Return every line of the entries that includes the word "fixed".
══════════════════════════════
(* Let $n\in\mathbb{N}$, $0\le x_0<x_1<\cdots<x_n$, $I:=[x_0,x_n]$, and for $i\in\{1,\dots,n\}$ let $l_i:I\to[x_{i-1},x_i]$ be a contractive homeomorphism with $l_i(x_0)=x_{i-1}$, $l_i(x_n)=x_i$. Let $L:C^+I\to C^+I$ be a bounded semi-linear operator, and let $f,S_1,\dots,S_n\in C^+I$ with $Lf(x_0)=f(x_0)$ and $Lf(x_n)=f(x_n)$. Define $T$ on $C^+I$ by $$Tg:=f+(S_i\circ l_i^{-1})\cdot\big((g-Lf)\circ l_i^{-1}\big)\quad\text{on } I_i,\ i=1,\dots,n,$$ and assume that $Tg$ takes values in $\mathbb{R}_0^+$ and satisfies the join-up conditions $Tg(x_j-)=Tg(x_j+)$ for $j=1,\dots,n-1$, so that $T:C^+I\to C^+I$. Let $S_\infty:=\max_{i}\|S_i\|_\infty$. If $S_\infty<1$, then $T$ is contractive on $(C^+I,d)$, and its unique fixed point $f^*\in C^+I$ satisfies $$f^*=f+(S_i\circ l_i^{-1})\cdot\big((f^*-Lf)\circ l_i^{-1}\big)\quad\text{on } I_i,\ i=1,\dots,n.$$
   Context: $\mathbb{R}_0^+:=[0,\infty)$. $C^+I:=\{f\in C(I):f(I)\subset\mathbb{R}_0^+\}$, a semi-vector space over $\mathbb{R}_0^+$ (pointwise addition, nonnegative scalar multiplication), with metric $d(f,g):=\max_{x\in I}(\max\{f(x),g(x)\}-\min\{f(x),g(x)\})$, under which it is complete. $\|\cdot\|_\infty$ is the supremum norm. A map $L$ is semi-linear if $L(u+v)=Lu+Lv$ and $L(\lambda u)=\lambda Lu$ for $\lambda\ge0$; it is bounded if $d(Lu,0)\le M\,d(u,0)$ for some $M>0$ and all $u$. $I_i:=[x_{i-1},x_i)$ for $i<n$, $I_n:=[x_{n-1},x_n]$. Contractive means Lipschitz with constant $<1$ with respect to $d$. *)

From Stdlib Require Import Reals Lra.
From Coquelicot Require Import Coquelicot.
Open Scope R_scope.

Definition cont_on (a b : R) (g : R -> R) : Prop :=
  forall y, a <= y <= b ->
    filterlim g (within (fun z => a <= z <= b) (locally y)) (locally (g y)).

Definition CplusI (a b : R) (g : R -> R) : Prop :=
  cont_on a b g /\ (forall y, a <= y <= b -> 0 <= g y).

(* The metric d(g,h) = max_{y in [a,b]} (max{g y,h y} - min{g y,h y})
   (written as a supremum, which is attained for continuous g,h). *)
Definition dI (a b : R) (g h : R -> R) : R :=
  real (Lub_Rbar (fun r => exists y, a <= y <= b /\
                    r = Rmax (g y) (h y) - Rmin (g y) (h y))).

Definition in_piece (n : nat) (x : nat -> R) (i : nat) (y : R) : Prop :=
  x (i - 1)%nat <= y /\ (if Nat.eqb i n then y <= x i else y < x i).

Definition in_pieceb (n : nat) (x : nat -> R) (i : nat) (y : R) : bool :=
  (if Rle_dec (x (i - 1)%nat) y then true else false) &&
  (if Nat.eqb i n then (if Rle_dec y (x i) then true else false)
                  else (if Rlt_dec y (x i) then true else false)).

(* Sum over i = 1..k of the piece contributions (at most one is nonzero). *)
Fixpoint Tpieces (n : nat) (x : nat -> R) (Sc li : nat -> R -> R)
    (Lf g : R -> R) (k : nat) (y : R) : R :=
  match k with
  | O => 0
  | S k' =>
      (if in_pieceb n x k y
       then Sc k (li k y) * (g (li k y) - Lf (li k y)) else 0)
      + Tpieces n x Sc li Lf g k' y
  end.

Definition Tmap (n : nat) (x : nat -> R) (f Lf : R -> R) (Sc li : nat -> R -> R)
    (g : R -> R) : R -> R :=
  fun y => f y + Tpieces n x Sc li Lf g n y.

Definition semilinear (a b : R) (L : (R -> R) -> (R -> R)) : Prop :=
  (forall u v, CplusI a b u -> CplusI a b v ->
     forall y, a <= y <= b -> L (fun z => u z + v z) y = L u y + L v y) /\
  (forall (lam : R) u, 0 <= lam -> CplusI a b u ->
     forall y, a <= y <= b -> L (fun z => lam * u z) y = lam * L u y).

Definition bounded_op (a b : R) (L : (R -> R) -> (R -> R)) : Prop :=
  exists M, 0 < M /\ forall u, CplusI a b u ->
    dI a b (L u) (fun _ => 0) <= M * dI a b u (fun _ => 0).

From Stdlib Require Import Reals Lra Lia.
From Coquelicot Require Import Coquelicot.
Open Scope R_scope.

(* On the piece I_i one has T g - T h = (S_i o l_i^-1) * ((g - h) o l_i^-1), and
   l_i^-1 maps I_i into I, so |T g - T h| <= S_oo * d(g, h) pointwise: T is an
   S_oo-contraction for the sup metric.  The join-up conditions make each T g
   continuous, so T maps C^+I into itself; the Picard iterates starting from 0
   satisfy a geometric Cauchy bound, hence converge uniformly to a continuous,
   nonnegative fixed point, which is unique because T contracts. *)

Lemma ball_Rabs (c d z : R) : ball c d z <-> Rabs (z - c) < d.
Proof. unfold ball; simpl; unfold AbsRing_ball, abs, minus, plus, opp; simpl; tauto. Qed.

Definition cont_ed (a b : R) (g : R -> R) : Prop :=
  forall y, a <= y <= b -> forall eps, 0 < eps -> exists d, 0 < d /\
    forall z, a <= z <= b -> Rabs (z - y) < d -> Rabs (g z - g y) < eps.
══════════════════════════════
--- RESPONSE FOR THIS EXERCISE ---
(* Let $n\in\mathbb{N}$, $0\le x_0<x_1<\cdots<x_n$, $I:=[x_0,x_n]$, and for $i\in\{1,\dots,n\}$ let $l_i:I\to[x_{i-1},x_i]$ be a contractive homeomorphism with $l_i(x_0)=x_{i-1}$, $l_i(x_n)=x_i$. Let $L:C^+I\to C^+I$ be a bounded semi-linear operator, and let $f,S_1,\dots,S_n\in C^+I$ with $Lf(x_0)=f(x_0)$ and $Lf(x_n)=f(x_n)$. Define $T$ on $C^+I$ by $$Tg:=f+(S_i\circ l_i^{-1})\cdot\big((g-Lf)\circ l_i^{-1}\big)\quad\text{on } I_i,\ i=1,\dots,n,$$ and assume that $Tg$ takes values in $\mathbb{R}_0^+$ and satisfies the join-up conditions $Tg(x_j-)=Tg(x_j+)$ for $j=1,\dots,n-1$, so that $T:C^+I\to C^+I$. Let $S_\infty:=\max_{i}\|S_i\|_\infty$. If $S_\infty<1$, then $T$ is contractive on $(C^+I,d)$, and its unique fixed point $f^*\in C^+I$ satisfies $$f^*=f+(S_i\circ l_i^{-1})\cdot\big((f^*-Lf)\circ l_i^{-1}\big)\quad\text{on } I_i,\ i=1,\dots,n.$$
   nonnegative fixed point, which is unique because T contracts. *)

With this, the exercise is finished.